Everybody does it


Of course I cannot be silent about an issue that seems to have jolted the planet. I will not be silent even though the matter has had its fair share of press coverage – and thank goodness for that! I want to join the chorus of angrily clamouring voices from all over the globe, although I must add that Snowden’s revelations came as no surprise to me. Not that I accept what Obama would have us believe: that everybody does it.

If you lived right across the street from a couple who make heady love every night without drawing their curtains, would you watch? Maybe you would, maybe you wouldn’t. I am prepared to concede that many people would indeed watch, but they would not like others to know they were doing so. They would draw their own curtains, so that nobody could see them peeping. On the other hand, if you happened to know that the couple across the street were making heady love behind thick, drawn curtains, and you happened to know that they had a laptop in that same room, would you use a computer program you knew about that could turn on the webcam of that laptop?

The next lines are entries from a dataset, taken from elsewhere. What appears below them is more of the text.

(* For every $\tau\ge0$, let $\rho_\tau=\{(x,v)\in\mathcal{H}:v=\tau\}$. Then $d_H((0,1),\rho_\tau):=\inf_{P\in\rho_\tau}d_H((0,1),P)=2|\sqrt\tau-1|$.
   Context: Let $\mathcal{H}=\{(x,v)\in\mathbb{R}^2:v\ge0\}$ and let $d_H$ be the Riemannian distance on $\mathcal{H}$ induced by the metric $ds^2=v^{-1}(dx^2+dv^2)$ on the open upper half-plane (extended to the boundary $v=0$). *)

From HB Require Import structures.
From mathcomp Require Import all_boot all_order all_algebra.
From mathcomp Require Import all_classical all_reals all_analysis.
Set Implicit Arguments. Unset Strict Implicit. Unset Printing Implicit Defensive.
Import Order.TTheory GRing.Theory Num.Theory.
Import numFieldNormedType.Exports.
Local Open Scope classical_set_scope.
Local Open Scope ring_scope.

Definition halfplane (R : realType) : set (R * R) := [set P | 0 <= P.2].

Definition admissible_curve (R : realType) (x v : R -> R) : Prop :=
  {within `[0, 1]%classic, continuous x} /\
  {within `[0, 1]%classic, continuous v} /\
  (forall t : R, 0 < t < 1 ->
     [/\ derivable x t 1, derivable v t 1,
         {for t, continuous (derive1 x)}, {for t, continuous (derive1 v)} & 0 < v t]).

(* Riemannian length for ds^2 = v^{-1}(dx^2 + dv^2). *)
Definition hyp_speed (R : realType) (x v : R -> R) (t : R) : R :=
  Num.sqrt ((derive1 x t) ^+ 2 + (derive1 v t) ^+ 2) / Num.sqrt (v t).

Definition hyp_length (R : realType) (x v : R -> R) : \bar R :=
  (\int[@lebesgue_measure R]_(t in `]0%R, 1%R[%classic) (hyp_speed x v t)%:E)%E.

Definition dH (R : realType) (P Q : R * R) : \bar R :=
  ereal_inf [set l : \bar R | exists x v : R -> R,
     [/\ admissible_curve x v, (x 0, v 0) = P, (x 1, v 1) = Q
        & l = hyp_length x v]].

Definition rho (R : realType) (tau : R) : set (R * R) :=
  [set P : R * R | halfplane P /\ P.2 = tau].

Definition dH_set (R : realType) (P : R * R) (A : set (R * R)) : \bar R :=
  ereal_inf [set dH P Q | Q in A].

From HB Require Import structures.
From mathcomp Require Import all_boot all_order all_algebra.
From mathcomp Require Import all_classical all_reals all_analysis.
From mathcomp Require Import lra ring measurable_realfun.
Set Implicit Arguments. Unset Strict Implicit. Unset Printing Implicit Defensive.
Import Order.TTheory GRing.Theory Num.Theory.
Import numFieldNormedType.Exports.
Local Open Scope classical_set_scope.
Local Open Scope ring_scope.

(** In the metric v^{-1}(dx^2 + dv^2), the speed of a curve dominates
  |v'| / sqrt v = |(2 sqrt v)'|, so by the fundamental theorem of calculus every
  curve from P to Q has length at least 2 |sqrt Q.2 - sqrt P.2|.  The vertical
  curve along which 2 sqrt v grows linearly has exactly that length, so the
  distance from (0,1) to the line v = tau is attained at (0,tau). *)

Lemma continuous_itv_absB_le (R : realType) (F : R -> R) (l u r : R) : l < u ->
  {within `[l, u], continuous F} ->
  (forall a b, l < a -> a < b -> b < u -> `|F b - F a| <= r) ->
  `|F u - F l| <= r.
Proof.
move=> lu cF Fr; have [_ cl cu] := (continuous_within_itvP _ lu).1 cF.
apply/ler_addgt0Pr => e e0.
have e2 : 0 < e / 2 by lra.
move/cvgrPdist_lt : cl => /(_ _ e2) Nl.
move/cvgrPdist_lt : cu => /(_ _ e2) Nu.
have : \forall t \near l^'+, l < t /\ t < (l + u) / 2 /\ `|F l - F t| < e / 2.
  near=> t; split; first by near: t; exact: nbhs_right_gt.
  split; last by near: t; exact: Nl.
  by near: t; apply: nbhs_right_lt; lra.
move=> /filter_ex [a [la [a_mid Fa]]].
have : \forall t \near u^'-, (l + u) / 2 < t /\ t < u /\ `|F u - F t| < e / 2.
  near=> t; split; first by near: t; apply: nbhs_left_gt; lra.
  split; last by near: t; exact: Nu.
  by near: t; exact: nbhs_left_lt.
move=> /filter_ex [b [mid_b [bu Fb]]].
have := Fr a b la ltac:(lra) bu.
have := ler_distD (F b) (F u) (F l).
have := ler_distD (F a) (F b) (F l).
rewrite (distrC (F a)); lra.
Unshelve. all: by end_near.
Qed.

Lemma derivable1_continuous (R : realType) (f : R -> R) (t : R) :
  derivable f t 1 -> {for t, continuous f}.
Proof. by move=> df; apply/differentiable_continuous/derivable1_diffP. Qed.

Lemma continuous_sqrt_comp (R : realType) (f : R -> R) (t : R) :
  {for t, continuous f} -> {for t, continuous (fun s => Num.sqrt (f s))}.
Proof. by move=> cf; apply: (continuous_comp cf); exact: sqrt_continuous. Qed.

Lemma is_derive_double_sqrt (R : realType) (f : R -> R) (t : R) :
  derivable f t 1 -> 0 < f t ->
  is_derive t 1 (fun s => 2 * Num.sqrt (f s)) (derive1 f t / Num.sqrt (f t)).
Proof.
move=> df ft_gt0.
have dsqrt : is_derive (f t) 1 (fun y : R => 2 * Num.sqrt y)
    (2 * (2 * Num.sqrt (f t))^-1).
  exact: (is_deriveZ 2 (is_derive1_sqrt ft_gt0)).
have dft : is_derive t 1 f (derive1 f t) by apply: DeriveDef; rewrite ?derive1E.
have sqrt_gt0 : 0 < Num.sqrt (f t) by rewrite sqrtr_gt0.
have -> : derive1 f t / Num.sqrt (f t)
    = 2 * (2 * Num.sqrt (f t))^-1 * derive1 f t.
  by field; rewrite gt_eqF.
exact: is_derive1_comp dsqrt dft.
Qed.

Lemma hyp_speed_ge0 (R : realType) (x v : R -> R) (t : R) :
  0 <= hyp_speed x v t.
Proof. by rewrite divr_ge0 ?sqrtr_ge0. Qed.

Lemma hyp_length_ge0 (R : realType) (x v : R -> R) : (0 <= hyp_length x v)%E.
Proof. by apply: integral_ge0 => t _; rewrite lee_fin hyp_speed_ge0. Qed.

Lemma abs_derive_div_sqrt_le_hyp_speed (R : realType) (x v : R -> R) (t : R) :
  `|derive1 v t / Num.sqrt (v t)| <= hyp_speed x v t.
Proof.
rewrite normrM normfV (ger0_norm (sqrtr_ge0 _)).
apply: ler_wpM2r; first by rewrite invr_ge0 sqrtr_ge0.
rewrite -sqrtr_sqr; apply: ler_wsqrtr.
by rewrite lerDr sqr_ge0.
Qed.

Lemma continuous_itv01_measurable (R : realType) (f : R -> R) :
  (forall t, 0 < t < 1 -> {for t, continuous f}) ->
  measurable_fun (`]0, 1[ : set R) f.
Proof.
move=> cf; apply: open_continuous_measurable_fun; first exact: interval_open.
by move=> t; rewrite inE /= in_itv => /cf.
Qed.

Section AdmissibleCurve.

Variables (R : realType) (x v : R -> R).
Hypothesis adm : admissible_curve x v.

Let F (t : R) : R := 2 * Num.sqrt (v t).
Let F' (t : R) : R := derive1 v t / Num.sqrt (v t).

Lemma continuous_hyp_speed (t : R) :
  0 < t < 1 -> {for t, continuous (hyp_speed x v)}.
Proof.
have [_ [_ /(_ t) adm_t]] := adm; move=> /adm_t [_ dv cdx cdv vt].
apply: continuousM.
  apply: continuous_sqrt_comp.
  by apply: continuousD; apply: continuousM.
apply: continuousV; first by rewrite gt_eqF // sqrtr_gt0.
exact/continuous_sqrt_comp/derivable1_continuous.
Qed.

Let continuous_F' (t : R) : 0 < t < 1 -> {for t, continuous F'}.
Proof.
have [_ [_ /(_ t) adm_t]] := adm; move=> /adm_t [_ dv _ cdv vt].
apply: continuousM => //.
apply: continuousV; first by rewrite gt_eqF // sqrtr_gt0.
exact/continuous_sqrt_comp/derivable1_continuous.
Qed.

Let is_derive_F (t : R) : 0 < t < 1 -> is_derive t 1 F (F' t).
Proof.
have [_ [_ /(_ t) adm_t]] := adm; move=> /adm_t [_ dv _ _ vt].
exact: is_derive_double_sqrt.
Qed.

Let F_variation_le_hyp_length (a b : R) : 0 < a -> a < b -> b < 1 ->
  (`|F b - F a|%:E <= hyp_length x v)%E.
Proof.
move=> a_gt0 ab b_lt1.
have ab_sub : `[a, b] `<=` `]0, 1[.
  by move=> t /=; rewrite !in_itv /= => /andP[ta tb]; apply/andP; split; lra.
have ab_in t : t \in `]a, b[ -> 0 < t < 1.
  by rewrite in_itv /= => /andP[ta tb]; apply/andP; split; lra.
have cF' : {within `[a, b], continuous F'}.
  apply: continuous_in_subspaceT => t; rewrite inE => /ab_sub /=.
  by rewrite in_itv => /continuous_F'.
have dF : derivable_oo_LRcontinuous F a b.
  have cF t : 0 < t < 1 -> {for t, continuous F}.
    by move=> /is_derive_F dFt; apply/derivable1_continuous/ex_derive.
  split.
  - by move=> t /ab_in /is_derive_F dFt; exact: ex_derive.
  - by apply/cvg_at_right_filter/cF; apply/andP; split; lra.
  - by apply/cvg_at_left_filter/cF; apply/andP; split; lra.
have F'E : {in `]a, b[, F^`()%classic =1 F'}.
  by move=> t /ab_in /is_derive_F dFt; rewrite derive1E derive_val.
have mF' := measurable_funS (measurable_itv `]0, 1[) ab_sub
  (continuous_itv01_measurable continuous_F').
have mspeed := continuous_itv01_measurable continuous_hyp_speed.
rewrite -abse_EFin EFinB -(continuous_FTC2 ab cF' dF F'E).
have abs_le_speed : (\int[lebesgue_measure]_(t in `[a, b]) `|(F' t)%:E|
    <= \int[lebesgue_measure]_(t in `[a, b]) (hyp_speed x v t)%:E)%E.
  apply: ge0_le_integral => //.
  - exact/(measurableT_comp (@abse_measurable R setT))/measurable_EFinP.
  - apply/measurable_EFinP.
    exact: measurable_funS (measurable_itv `]0, 1[) ab_sub mspeed.
  - by move=> t _; rewrite lee_fin abs_derive_div_sqrt_le_hyp_speed.
apply: le_trans (le_abse_integral _ _ _) _ => //; first exact/measurable_EFinP.
apply: le_trans abs_le_speed _.
apply: ge0_subset_integral => //; first exact/measurable_EFinP.
by move=> t _; rewrite lee_fin hyp_speed_ge0.
Qed.

Lemma hyp_length_ge_sqrt_dist :
  ((2 * `|Num.sqrt (v 1) - Num.sqrt (v 0)|)%:E <= hyp_length x v)%E.
Proof.
have [_ [cv _]] := adm.
have cF : {within `[0, 1], continuous F}.
  have c2sqrt : continuous (fun y : R => 2 * Num.sqrt y).
    move=> y.
    exact: continuousM (@cst_continuous R R 2 y) (@sqrt_continuous R y).
  by move=> t; exact: continuous_comp (cv t) (c2sqrt _).
have := hyp_length_ge0 x v.
case Lr: (hyp_length x v) => [r||] // _; last exact: leey.
have -> : 2 * `|Num.sqrt (v 1) - Num.sqrt (v 0)| = `|F 1 - F 0|.
  by rewrite /F -mulrBr normrM (ger0_norm (ler0n _ 2)).
rewrite lee_fin.
apply: (continuous_itv_absB_le ltr01 cF) => a b a_gt0 ab b_lt1.
by rewrite -lee_fin -Lr; exact: F_variation_le_hyp_length.
Qed.

End AdmissibleCurve.

Lemma dH_ge_sqrt_dist (R : realType) (P Q : R * R) :
  ((2 * `|Num.sqrt Q.2 - Num.sqrt P.2|)%:E <= dH P Q)%E.
Proof.
apply: le_ereal_inf_tmp => _ [x [v [adm <- <- ->]]].
exact: hyp_length_ge_sqrt_dist.
Qed.

Lemma is_derive_affine (R : realType) (p c t : R) :
  is_derive t 1 (fun u : R => p + u * c) c.
Proof.
have dpc := is_deriveD (@is_derive_cst R R R p t 1)
  (is_deriveM (is_derive_id t 1) (@is_derive_cst R R R c t 1)).
by apply: (is_derive_eq dpc); rewrite scaler0 !add0r /cst scaler1.
Qed.

Section VerticalSegment.

Variables (R : realType) (x0 a b : R).
Hypotheses (a_gt0 : 0 < a) (b_ge0 : 0 <= b).

Let c : R := Num.sqrt b - Num.sqrt a.
Let q (u : R) : R := Num.sqrt a + u * c.
Let v (u : R) : R := q u ^+ 2.

Let q_gt0 (u : R) : 0 <= u -> u < 1 -> 0 < q u.
Proof.
move=> u_ge0 u_lt1.
have : 0 < (1 - u) * Num.sqrt a by rewrite mulr_gt0 ?sqrtr_gt0 // subr_gt0.
have := mulr_ge0 u_ge0 (sqrtr_ge0 b).
rewrite /q /c; lra.
Qed.

Let is_derive_v (t : R) : is_derive t 1 v (2 * q t * c).
Proof.
have dq2 := is_deriveX 2 (is_derive_affine (Num.sqrt a) c t).
by apply: (is_derive_eq dq2); rewrite /GRing.scale /= /q; ring.
Qed.

Let derive1_x0 : derive1 (cst x0) = cst 0.
Proof. by apply/funext => t; exact: derive1_cst. Qed.

Let derive1_v : derive1 v = fun t => 2 * q t * c.
Proof.
by apply/funext => t; have dv := is_derive_v t; rewrite derive1E derive_val.
Qed.

Lemma vertical_segment_admissible : admissible_curve (cst x0) v.
Proof.
have cv : continuous v by move=> t; apply/derivable1_continuous/ex_derive.
split; first exact/continuous_subspaceT/cst_continuous.
split; first exact: continuous_subspaceT.
move=> t /andP[t_gt0 t_lt1]; split.
- exact: derivable_cst.
- exact: ex_derive.
- by rewrite derive1_x0; exact: cst_continuous.
- have cq : {for t, continuous q}.
    by apply: derivable1_continuous; apply: ex_derive; exact: is_derive_affine.
  rewrite derive1_v.
  apply: continuousM (@cst_continuous R R c t).
  exact: continuousM (@cst_continuous R R 2 t) cq.
- by rewrite exprn_gt0 // q_gt0 // ltW.
Qed.

Lemma vertical_segment_hyp_length : hyp_length (cst x0) v = (2 * `|c|)%:E.
Proof.
rewrite /hyp_length (@eq_integral _ _ _ _ _ (fun=> (2 * `|c|)%:E)).
  by rewrite integral_cst //= lebesgue_measure_itv /= lte01 oppr0 adde0 mule1.
move=> u; rewrite inE /= in_itv /= => /andP[u_gt0 u_lt1]; congr EFin.
have qu_gt0 := q_gt0 (ltW u_gt0) u_lt1.
rewrite /hyp_speed derive1_x0 derive1_v /v expr0n add0r !sqrtr_sqr.
rewrite !normrM (gtr0_norm qu_gt0) (ger0_norm (ler0n _ 2)).
by field; rewrite gt_eqF.
Qed.

Lemma dH_vertical : dH (x0, a) (x0, b) = (2 * `|Num.sqrt b - Num.sqrt a|)%:E.
Proof.
apply/eqP; rewrite eq_le; apply/andP; split; last first.
  exact: (dH_ge_sqrt_dist (x0, a)).
apply: ge_ereal_inf; exists (2 * `|c|)%:E => //.
exists (cst x0), v; split.
- exact: vertical_segment_admissible.
- by rewrite /v /q mul0r addr0 sqr_sqrtr // ltW.
- by rewrite /v /q mul1r /c addrC subrK sqr_sqrtr.
- by rewrite vertical_segment_hyp_length.
Qed.

End VerticalSegment.

Theorem theorem2p4 (R : realType) (tau : R) (htau : 0 <= tau) :
  dH_set (0, 1) (rho tau) = (2 * `|Num.sqrt tau - 1|)%:E.
Proof.
apply/eqP; rewrite eq_le; apply/andP; split.
  apply: ge_ereal_inf; exists (dH (0, 1) (0, tau)); first by exists (0, tau).
  by rewrite dH_vertical ?sqrtr1.
apply: le_ereal_inf_tmp => _ [Q [_ <-] <-].
by have := dH_ge_sqrt_dist (0, 1) Q; rewrite sqrtr1.
Qed.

There are applications that can do that, and there are people who use them. We call such programs malware, and we call the people who use them criminals. Most of us are not criminals.

I was not surprised because in my mind, USA has had an inglorious history since WWII, a history that would have been impossible unless the powers that be were prepared to break every rule in the book. I won’t go into that, since it would require the writing of a very long text, and such texts already exist, many of them admittedly published in the United States, which means that opposition has not yet altogether been silenced even in that country. Thank goodness for that, too. There is still a long way from USA to North Korea! But a lot of legislation has been put in place since 9/11 that demands considerable courage from citizens who want to speak up.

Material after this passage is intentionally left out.